**PROBLEM DETAILS:** Where the line with "Proof. by case: ifP" appears in the records below, start there and transcribe each line exactly through the last.

**EXTRACTED INFORMATION:**

(* In the simplified model with conditional inclusion lists, regardless of the payment rule, if $B_1>f_{BP}$, then there is a Nash equilibrium in which every includer omits $t_0$ from its inclusion list and the block producer omits $t_0$ from the block.
   Context: Simplified model (single slot, complete information, Nash equilibrium). Players: a block producer and $m$ includers with distinct orders $1,\dots,m$. A mempool $M$ of $w$ user transactions, each of size $s>0$; $t_0\in M$ is a target transaction. Each inclusion list holds at most $c_{Incl}$ transactions and the block at most $c_{block}$. Each includer chooses an inclusion list consisting of transactions from $M$ and/or fake transactions it creates; then the block producer, seeing all lists, chooses a block consisting of transactions from $M$ and/or fake transactions it creates. No party may add transactions to the mempool. Every transaction in an approved block pays burning fee $r\cdot s$ ($r\ge0$); for fake transactions this is paid by their creator. Processing costs are zero. Conditional inclusion lists: the attesters reject the block iff some transaction appearing in an inclusion list is missing from the block while the block contains fewer than $c_{block}$ transactions. If the block is rejected, the block producer and includers receive no fees. Payments: if $t_0$ is in an approved block, the block producer receives $f_{BP}\ge0$ from $t_0$ (whether or not $t_0$ is in a list); the includers collectively receive at most $f_{CM}\ge0$ from $t_0$, and only if $t_0$ is in some inclusion list and in the approved block. An external briber pays the block producer $B_1$ if $t_0$ is not in its block, and pays includer $j$ the amount $B^j\ge0$ if $t_0$ is not in its inclusion list. Each player's utility is fees received plus bribes received minus burning fees paid for its own fake transactions in an approved block. *)

From HB Require Import structures.
From mathcomp Require Import all_boot all_order all_algebra.
Set Implicit Arguments. Unset Strict Implicit. Unset Printing Implicit Defensive.
Import Order.TTheory GRing.Theory Num.Theory.
Local Open Scope ring_scope.

(* Transactions: either one of the w mempool transactions ('I_w), or a fake
   transaction identified by its creator (None = block producer,
   Some j = includer j) and a serial number. All have the same size s. *)
Definition tx (m w : nat) := ('I_w + (option 'I_m * nat))%type.

Definition in_mempool (m w : nat) (t : tx m w) : bool :=
  if t is inl _ then true else false.

Definition created_by (m w : nat) (a : option 'I_m) (t : tx m w) : bool :=
  if t is inr (c, _) then c == a else false.

Definition profile (m w : nat) := 'I_m -> seq (tx m w).

Definition valid_list (m w cIncl : nat) (j : 'I_m) (l : seq (tx m w)) : bool :=
  [&& uniq l, (size l <= cIncl)%N
    & all (fun t => in_mempool t || created_by (Some j) t) l].

Definition valid_block (m w cblock : nat) (b : seq (tx m w)) : bool :=
  [&& uniq b, (size b <= cblock)%N
    & all (fun t => in_mempool t || created_by None t) b].

Definition approved (m w cblock : nat) (L : profile m w) (b : seq (tx m w)) : bool :=
  ~~ ([exists j, has (fun t => t \notin b) (L j)] && (size b < cblock)%N).

Definition upd (m w : nat) (L : profile m w) (j : 'I_m) (l : seq (tx m w)) : profile m w :=
  fun i => if i == j then l else L i.

(* A payment rule for the includers: given the lists and the block, the
   amount each includer receives from t0. *)
Definition pay_rule (R : realFieldType) (m w : nat) := profile m w -> seq (tx m w) -> 'I_m -> R.

Definition valid_pay_rule (R : realFieldType) (m w cblock : nat) (t0 : 'I_w) (fCM : R)
  (rho : pay_rule R m w) : Prop :=
  forall (L : profile m w) (b : seq (tx m w)),
    [/\ forall j, 0 <= rho L b j,
        \sum_(j < m) rho L b j <= fCM
      & (exists j, rho L b j != 0) ->
        [/\ (inl t0 : tx m w) \in b, approved cblock L b
          & exists j', (inl t0 : tx m w) \in L j']].

(* The briber pays B1 whenever t0 is not in
   the block; the fee fBP is received only if t0 is in an approved block;
   burning fees r*s are paid for own fakes in an approved block. *)
Definition u_BP (R : realFieldType) (m w cblock : nat) (t0 : 'I_w) (s r fBP B1 : R)
  (L : profile m w) (b : seq (tx m w)) : R :=
  (if approved cblock L b && ((inl t0 : tx m w) \in b) then fBP else 0)
  + (if (inl t0 : tx m w) \notin b then B1 else 0)
  - (if approved cblock L b then (r * s) *+ count (created_by None) b else 0).

Definition u_I (R : realFieldType) (m w cblock : nat) (t0 : 'I_w) (s r : R)
  (Bj : 'I_m -> R) (rho : pay_rule R m w)
  (L : profile m w) (b : seq (tx m w)) (j : 'I_m) : R :=
  rho L b j
  + (if (inl t0 : tx m w) \notin L j then Bj j else 0)
  - (if approved cblock L b then (r * s) *+ count (created_by (Some j)) b else 0).

Definition bp_strategy (m w : nat) := profile m w -> seq (tx m w).

Definition valid_bp_strategy (m w cIncl cblock : nat) (sigma : bp_strategy m w) : Prop :=
  forall L : profile m w, (forall j, valid_list cIncl j (L j)) ->
    valid_block cblock (sigma L).

Definition nash (R : realFieldType) (m w cIncl cblock : nat) (t0 : 'I_w)
  (s r fBP B1 : R) (Bj : 'I_m -> R) (rho : pay_rule R m w)
  (L : profile m w) (sigma : bp_strategy m w) : Prop :=
  [/\ forall j, valid_list cIncl j (L j),
      valid_bp_strategy cIncl cblock sigma,
      forall j (l : seq (tx m w)), valid_list cIncl j l ->
        u_I cblock t0 s r Bj rho (upd L j l) (sigma (upd L j l)) j
          <= u_I cblock t0 s r Bj rho L (sigma L) j
    & forall sigma' : bp_strategy m w, valid_bp_strategy cIncl cblock sigma' ->
        u_BP cblock t0 s r fBP B1 L (sigma' L) <= u_BP cblock t0 s r fBP B1 L (sigma L)].

From HB Require Import structures.
From mathcomp Require Import all_boot all_order all_algebra.
Set Implicit Arguments. Unset Strict Implicit. Unset Printing Implicit Defensive.
Import Order.TTheory GRing.Theory Num.Theory.
Local Open Scope ring_scope.

(* The equilibrium is the empty one: no includer lists anything and the block
   producer always proposes the empty block. The empty block earns the block
   producer the whole bribe B1, and no block earns more than
   max (fBP, B1) = B1, since burning fees only lower its utility. Against the
   empty block no includer can earn any fee from t0, so omitting t0 and
   collecting the bribe Bj j >= 0 is a best response. *)

Section Game.

Variables (R : realFieldType) (m w cblock : nat) (t0 : 'I_w).
Implicit Types (L : profile m w) (b : seq (tx m w)) (j : 'I_m).

Lemma pay_rule_notin (fCM : R) (rho : pay_rule R m w) :
  valid_pay_rule cblock t0 fCM rho ->
  forall L b j, (inl t0 : tx m w) \notin b -> rho L b j = 0.
Proof.
move=> hrho L b j t0b; case: (hrho L b) => _ _ paid_only_if.
apply/eqP; apply: contraNT t0b => rho_neq0.
by case: (paid_only_if (ex_intro _ j rho_neq0)).
Qed.

Variables (s r : R).
Hypotheses (s_ge0 : 0 <= s) (r_ge0 : 0 <= r).

Lemma burning_fee_ge0 (a : option 'I_m) L b :
  0 <= (if approved cblock L b then (r * s) *+ count (created_by a) b else 0).
Proof. by case: ifP => // _; rewrite mulrn_wge0 ?mulr_ge0. Qed.

Lemma u_BP_nil (fBP B1 : R) L : u_BP cblock t0 s r fBP B1 L [::] = B1.
Proof. by rewrite /u_BP andbF add0r mulr0n if_same subr0. Qed.

Lemma u_BP_le_bribe (fBP B1 : R) L b :
  0 <= fBP -> fBP <= B1 -> u_BP cblock t0 s r fBP B1 L b <= B1.
Proof.
move=> fBP_ge0 fBP_le_B1; rewrite /u_BP lerBlDr.
apply: ler_wpDr; first exact: burning_fee_ge0.
case: (_ \in b); rewrite ?andbF ?andbT /= ?addr0 ?add0r //.
by case: ifP => // _; apply: le_trans fBP_le_B1.
Qed.

Lemma u_I_nil_block (fCM : R) (Bj : 'I_m -> R) (rho : pay_rule R m w) :
  valid_pay_rule cblock t0 fCM rho -> forall L j,
  u_I cblock t0 s r Bj rho L [::] j
    = if (inl t0 : tx m w) \notin L j then Bj j else 0.
Proof.
move=> hrho L j; rewrite /u_I (pay_rule_notin hrho) // add0r.
by rewrite mulr0n if_same subr0.
Qed.

End Game.

Theorem mainTheorem7 (R : realFieldType) (m w cIncl cblock : nat) (t0 : 'I_w)
  (s r fBP fCM B1 : R) (Bj : 'I_m -> R) :
  0 < s -> 0 <= r -> 0 <= fBP -> 0 <= fCM -> (forall j, 0 <= Bj j) ->
  fBP < B1 ->
  forall rho : pay_rule R m w, valid_pay_rule cblock t0 fCM rho ->
  exists (L : profile m w) (sigma : bp_strategy m w),
    [/\ nash cIncl cblock t0 s r fBP B1 Bj rho L sigma,
        forall j, (inl t0 : tx m w) \notin L j
      & (inl t0 : tx m w) \notin sigma L].
Proof.
move=> s_gt0 r_ge0 fBP_ge0 _ Bj_ge0 fBP_lt_B1 rho hrho.
exists (fun _ => [::]), (fun _ => [::]); split=> //; split.
- by [].
- by [].
- move=> j l _; rewrite !(u_I_nil_block _ _ _ hrho) /upd eqxx /=.
  by case: ifP.
- move=> sigma' _; rewrite u_BP_nil.
  by apply: u_BP_le_bribe; rewrite // ltW.
Qed.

**OUTPUT OF THE EXERCISE:**
Proof. by case: ifP => // _; rewrite mulrn_wge0 ?mulr_ge0. Qed.

Lemma u_BP_nil (fBP B1 : R) L : u_BP cblock t0 s r fBP B1 L [::] = B1.
Proof. by rewrite /u_BP andbF add0r mulr0n if_same subr0. Qed.

Lemma u_BP_le_bribe (fBP B1 : R) L b :
  0 <= fBP -> fBP <= B1 -> u_BP cblock t0 s r fBP B1 L b <= B1.
Proof.
move=> fBP_ge0 fBP_le_B1; rewrite /u_BP lerBlDr.
apply: ler_wpDr; first exact: burning_fee_ge0.
case: (_ \in b); rewrite ?andbF ?andbT /= ?addr0 ?add0r //.
by case: ifP => // _; apply: le_trans fBP_le_B1.
Qed.

Lemma u_I_nil_block (fCM : R) (Bj : 'I_m -> R) (rho : pay_rule R m w) :
  valid_pay_rule cblock t0 fCM rho -> forall L j,
  u_I cblock t0 s r Bj rho L [::] j
    = if (inl t0 : tx m w) \notin L j then Bj j else 0.
Proof.
move=> hrho L j; rewrite /u_I (pay_rule_notin hrho) // add0r.
by rewrite mulr0n if_same subr0.
Qed.

End Game.

Theorem mainTheorem7 (R : realFieldType) (m w cIncl cblock : nat) (t0 : 'I_w)
  (s r fBP fCM B1 : R) (Bj : 'I_m -> R) :
  0 < s -> 0 <= r -> 0 <= fBP -> 0 <= fCM -> (forall j, 0 <= Bj j) ->
  fBP < B1 ->
  forall rho : pay_rule R m w, valid_pay_rule cblock t0 fCM rho ->
  exists (L : profile m w) (sigma : bp_strategy m w),
    [/\ nash cIncl cblock t0 s r fBP B1 Bj rho L sigma,
        forall j, (inl t0 : tx m w) \notin L j
      & (inl t0 : tx m w) \notin sigma L].
Proof.
move=> s_gt0 r_ge0 fBP_ge0 _ Bj_ge0 fBP_lt_B1 rho hrho.
exists (fun _ => [::]), (fun _ => [::]); split=> //; split.
- by [].
- by [].
- move=> j l _; rewrite !(u_I_nil_block _ _ _ hrho) /upd eqxx /=.
  by case: ifP.
- move=> sigma' _; rewrite u_BP_nil.
  by apply: u_BP_le_bribe; rewrite // ltW.
Qed.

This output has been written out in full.